2. The Diagnostic Performance of 10-s G&R Test in Predicting DCM
Consecutively, ROC curves were used to depict the discriminatory performance of the 10-s G&R test between the DCM group and the control group. Before PSM, the number of cycles had the best performance with an AUC of 0.85 (p < 0.001), sensitivity of 80.12%, specificity of 74.29%, and accuracy of 76.03% at the optimal threshold of 20 cycles. The average grip time and maximum grip time also showed good efficacy, with AUC values ranging from 0.81 to 0.83 (Table 1, Fig. 3A). After PSM for age and gender, the AUCs declined slightly, but the number of cycles remained the best performance (AUC 0.80, p < 0.001). Optimal thresholds changed slightly after PSM but maintained reasonable sensitivity and specificity (Table 1, Fig. 3B), indicating the ability to differentiate DCM patients from controls and supporting the utility of the 10-s G&R test as an effective motor assessment tool for predicting DCM.
3. The Reduction in the Duration of the 10-s G&R Test
Fig. 4 shows the overall trend of diagnostic performance for the G&R test parameters in predicting DCM from 3 seconds to 10 seconds. As the duration increased, the average grip time achieved the highest diagnostic accuracy at 6 seconds with an AUC of 0.83, indicating a plateau effect, where extending the duration beyond 6 seconds did not improve diagnostic performance (Fig. 4). The sensitivity and specificity of the average grip time at 6 seconds for detecting DCM remained robust at 81.82% and 70.32%, respectively, using the optimal threshold of 0.26 seconds (Supplementary Table 3). The consistent maximal AUC for average grip time from 6 seconds to 10 seconds indicates that 6 seconds provides sufficient G&R cycles to differentiate DCM patients from controls. The plateau in diagnostic performance suggests that the duration does not need to extend beyond 6 seconds, as 10 seconds did not further improve efficacy based on average grip time. Clinically, with the assistance of our proposed 3D-MobileNetV2 classifier, 6 seconds is an adequate timeframe to efficiently evaluate hand motor dysfunction in DCM using the rapid G&R test. The ability to shorten the duration makes the test more feasible and user-friendly as a diagnostic screening tool, without compromising diagnostic performance.
DISCUSSION
Our investigation demonstrates that the 10-s G&R test, enhanced by our DL-HGRT, effectively distinguishes DCM patients from controls. Notably, the number of cycles and average grip time yield the most robust performance. Furthermore, our findings suggest that the test duration can be shortened to 6 seconds without compromising diagnostic accuracy in terms of average grip time, thus enhancing practicality and user-friendliness. In summary, our results indicate that DL-HGRT offers a practical and user-friendly supplementary tool for accurate DCM assessment, eliminating the need for specialized equipment and indicating potential use in remote or in-home screening, monitoring, and follow-up.
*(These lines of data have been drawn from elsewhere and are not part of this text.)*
Lemma sum_by_cache a (F : 'I_Lam -> nat) : \sum_k F (a k) = \sum_l load a l * F l.
Proof.
rewrite (partition_big a xpredT) //=; apply: eq_bigr => l _.
by rewrite (eq_bigr (fun=> F l)) ?sum_nat_cond_const // => k /eqP ->.
Qed.

Lemma exists_assoc_load (L : 'I_Lam -> nat) : 0 < Lam -> \sum_l L l = K ->
  exists a, forall l, load a l = L l.
Proof.
move=> Lam_gt0 sumL; pose l0 := Ordinal Lam_gt0.
pose s := flatten [seq nseq (L l) l | l <- enum 'I_Lam].
have size_s : size s = K.
  rewrite size_flatten /shape -map_comp sumnE big_map -sumL big_enum /=.
  by apply: eq_bigr => l _; rewrite /= size_nseq.
exists [ffun k : 'I_K => nth l0 s k] => l.
have <- : count (pred1 l) s = L l.
  rewrite count_flatten -map_comp sumnE big_map big_enum /= (bigD1 l) //=.
  rewrite count_nseq /= eqxx mul1n big1 ?addn0 // => l' ne_l'l.
  by rewrite /= count_nseq /= (negbTE ne_l'l).
rewrite /load card_set_sum -sum1_count (big_nth l0) size_s big_mkord [RHS]big_mkcond /=.
by apply: eq_bigr => k _; rewrite ffunE; case: (_ == _).
Qed.

Lemma has_profile_perm (L : 'I_Lam -> nat) a (s : 'S_Lam) :
  (forall i j : 'I_Lam, i <= j -> L j <= L i) -> (forall l, load a l = L l) ->
  has_profile L [ffun k => s (a k)].
Proof.
move=> L_noninc loadE; rewrite /has_profile.
have loadsE l : #|[set k | [ffun k => s (a k)] k == l]| = L ((s^-1)%g l).
  rewrite -loadE /load; apply: eq_card => k; rewrite !inE ffunE.
  by apply/eqP/eqP => [<-|->]; rewrite ?permK ?permKV.
have perm_enum : perm_eq (map (s^-1)%g (enum 'I_Lam)) (enum 'I_Lam).
  apply: uniq_perm; rewrite ?enum_uniq ?(map_inj_uniq (@perm_inj _ _)) ?enum_uniq //.
  by move=> l; rewrite mem_enum; apply/mapP; exists (s l); rewrite ?mem_enum ?permK.
have geq_trans : transitive geq by move=> x y z /= le_xy le_yz; apply: leq_trans le_yz le_xy.
rewrite (eq_map loadsE) map_comp.
have -> : sort geq (map L (map (s^-1)%g (enum 'I_Lam))) = sort geq (map L (enum 'I_Lam)).
  apply/perm_sortP; [by move=> x y; apply: leq_total | exact: geq_trans | | exact: perm_map].
  by move=> x y geq_xy_yx; apply: anti_leq; rewrite andbC.
rewrite sorted_sort // sorted_map.
have : sorted (relpre val leq) (enum 'I_Lam) by rewrite -sorted_map val_enum_ord iota_sorted.
by apply: sub_sorted => x y /=; apply: L_noninc.
Qed.

Definition by_load a : seq 'I_Lam := sort (relpre (load a) geq) (enum 'I_Lam).

Definition rank a (l : 'I_Lam) : nat := index l (by_load a).

Lemma perm_by_load a : perm_eq (by_load a) (enum 'I_Lam).
Proof. by rewrite /by_load perm_sort. Qed.

Lemma size_by_load a : size (by_load a) = Lam.
Proof. by rewrite size_sort size_enum_ord. Qed.

Lemma mem_by_load a l : l \in by_load a.
Proof. by rewrite mem_sort mem_enum. Qed.

Lemma rank_lt a l : rank a l < Lam.
Proof. by rewrite -[X in _ < X](size_by_load a) index_mem mem_by_load. Qed.

Lemma rank_inj a : injective (rank a).
Proof. by move=> l m; apply: index_inj; rewrite ?mem_by_load. Qed.

Lemma load_rank_mono a l m : rank a m <= rank a l -> load a l <= load a m.
Proof.
move=> le_ml.
have sorted_loads : sorted (relpre (load a) geq) (by_load a).
  by apply: sort_sorted => x y /=; apply: leq_total.
have geq_trans : transitive (relpre (load a) geq).
  by move=> x y z /= le_xy le_yz; apply: leq_trans le_yz le_xy.
have := sorted_leq_nth geq_trans (fun x => leqnn (load a x)) l sorted_loads.
move=> /(_ (rank a m) (rank a l)); rewrite !inE size_by_load !rank_lt.
by rewrite /rank !nth_index ?mem_by_load //; apply.
Qed.

Lemma sum_by_rank a (F : nat -> nat) : \sum_l F (rank a l) = \sum_(i < Lam) F i.
Proof.
case: (posnP Lam) => [Lam0 | Lam_gt0]; first by rewrite !big1 // => i; have := ltn_ord i; lia.
rewrite -big_enum /= -(perm_big _ (perm_by_load a)) [LHS](big_nth (Ordinal Lam_gt0)).
rewrite size_by_load big_mkord; apply: eq_bigr => i _.
by rewrite /rank index_uniq ?sort_uniq ?enum_uniq ?size_by_load.
Qed.

Lemma sum_load_rank (L : 'I_Lam -> nat) a (F : nat -> nat) : has_profile L a ->
  \sum_l load a l * F (rank a l) = \sum_(r < Lam) L r * F r.
Proof.
move=> /eqP; rewrite sort_map -/(by_load a) => loads_sorted.
case: (posnP Lam) => [Lam0 | Lam_gt0]; first by rewrite !big1 // => i; have := ltn_ord i; lia.
pose l0 := Ordinal Lam_gt0.
rewrite -big_enum /= -(perm_big _ (perm_by_load a)) [LHS](big_nth l0) size_by_load big_mkord.
apply: eq_bigr => i _; rewrite /rank index_uniq ?sort_uniq ?enum_uniq ?size_by_load //.
congr (_ * _); have /= nth_i := congr1 (fun s => nth 0 s i) loads_sorted.
rewrite -[load a _](nth_map l0 0) ?size_by_load // nth_i (nth_map l0) ?size_enum_ord //.
by rewrite nth_ord_enum.
Qed.

Definition slot a (k : 'I_K) : nat := #|[set k' | (a k' == a k) && (k' < k)]|.

Lemma slot_lt_load a k : slot a k < load a (a k).
Proof.
apply: proper_card; apply/properP; split.
  by apply/subsetP => k'; rewrite !inE => /andP[].
by exists k; rewrite !inE ?eqxx ?ltnn.
Qed.

Lemma slot_lt a k : slot a k < K.
Proof. exact: leq_trans (slot_lt_load a k) (load_le a (a k)). Qed.

Lemma slot_inj a k k' : a k' = a k -> slot a k' = slot a k -> k' = k.
Proof.
wlog lt_k'k : k k' / k' < k => [wlog_lt a_kk' slot_kk' | a_kk' slot_kk'].
  by case: (ltngtP k' k) => [||/val_inj //] lt; [|symmetry]; apply: wlog_lt.
suff : slot a k' < slot a k by rewrite slot_kk' ltnn.
apply: proper_card; apply/properP; split.
  apply/subsetP => k''; rewrite !inE => /andP[/eqP -> lt_k''k'].
  by rewrite a_kk' eqxx (ltn_trans lt_k''k').
by exists k'; rewrite !inE ?a_kk' ?eqxx ?ltnn // lt_k'k.
Qed.

End Associations.

Section CodedCaching.
Local Open Scope nat_scope.
Variables K Lam N t : nat.

Definition tsets : {set {set 'I_Lam}} := [set T : {set 'I_Lam} | #|T| == t].

Definition nbits : nat := #|tsets|.

(* Bit [b] of every file is the subfile indexed by the [t]-set of caches [tset b]. *)
Definition tset (b : 'I_nbits) : {set 'I_Lam} := @enum_val _ (pred_of_set tsets) b.

Lemma card_tset b : #|tset b| = t.
Proof. by have := enum_valP b; rewrite inE => /eqP. Qed.

Lemma tset_inj : injective tset.
Proof. exact: enum_val_inj. Qed.

Lemma nbitsE : nbits = 'C(Lam, t).
Proof. by rewrite /nbits /tsets card_draws card_ord. Qed.

Implicit Types (a : assoc K Lam) (d : demand K N) (W : library N nbits).

Definition subfile W n (T : {set 'I_Lam}) : bool := [exists b, (tset b == T) && W n b].

Lemma subfile_tset W n b : subfile W n (tset b) = W n b.
Proof.
apply/existsP/idP => [[b' /andP[/eqP /tset_inj -> //]] | Wnb].
by exists b; rewrite eqxx.
Qed.

Definition man_placement (l : 'I_Lam) : {set 'I_N * 'I_nbits} := [set nb | l \in tset nb.2].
Individuals affected by DCM experience debilitating impairments in upper limb function. Myelopathy hand serves as a valuable marker, offering insights into the functional status of the cervical spinal cord and, concurrently, providing a reflection of the severity of DCM [3,14-16]. Apart from the presence of finger escape sign, an increasing occurrence of uncoordinated finger movements and trick wrist motions was frequently observed in individuals affected by DCM [14]. Given that hand dysfunction stands as the predominant manifestation of DCM, reseachers have developed numerous approaches to evaluate hand function [17-19]. However, the assessment methods employed, such as motion analysis with microreflective markers [17], prehension tasks [18], and the GRASSP-M (Graded Redefined Assessment of Strength, Sensibility, and Prehension Version Myelopathy) [19], all exhibited complexities and requirements for specialized equipment that may hinder their widespread clinical application, underscoring the crucial need for accessible, quantifiable, reproducible, and user-friendly assessment tools to effectively quantify fine motor deficits in DCM.
In 1987, the 10-s G&R test, proposed by Ono et al. [3], served as a pioneering tool for evaluating hand function in cervical myelopathy, demonstrating that a presentation of symptomatic signs is associated with performing fewer than 20 grip-release cycles within a 10-second timeframe. Significantly, the 10-s G&R test has been demonstrated to be highly reproducible and effective in the assessment of DCM [4,11,18]. Researchers have devoted their attention to enhancing the convenience, reproducibility, and applicability of hand dexterity assessment based on the 10-s G&R test for diagnostic, monitoring, and follow-up purposes. Hosono et al. [4] validated the G&R test for the assessment of the severity of DCM. However, the reliance on video recording and manual cycle counting introduces potential concerns regarding feasibility and measurement variability. Su et al. [8] introduced the myelopathy-hand functional evaluation system, which employs virtual reality to quantify hand motor dysfunction based on the 10-s G&R test in DCM patients. Yet its complexity and lack of portability may hinder routine clinical use. In the work by Koyama et al. [5], their machine learning model, utilizing a Leap Motion sensor, demonstrated reasonably high sensitivity but exhibited lower specificity in the classification of DCM. Nevertheless, the limitations, including a small sample size and the reliance on a specialized sensor, constrained the generalizability of their findings. Ibara et al. present a novel smartphone-based method for DCM screening, demonstrating high diagnostic accuracy, but with limitations, including a small sample size, which calls for further validation in larger and diverse cohorts to establish clinical utility [9]. Therefore, the limitations observed in the aforementioned studies encompass issues related to feasibility, measurement variability, complexity, lack of portability, restricted sample sizes, and a dependence on specialized sensors or equipment. In our study, we exclusively used the front-facing cameras of smartphones for recording the 10-s G&R test and conducted autonomous processing, indicating great potential in remote or in-home screening and monitoring. Our findings robustly demonstrate that the 10-s G&R test, enhanced by our DL-HGRT, efficiently distinguishes patients with DCM from control subjects.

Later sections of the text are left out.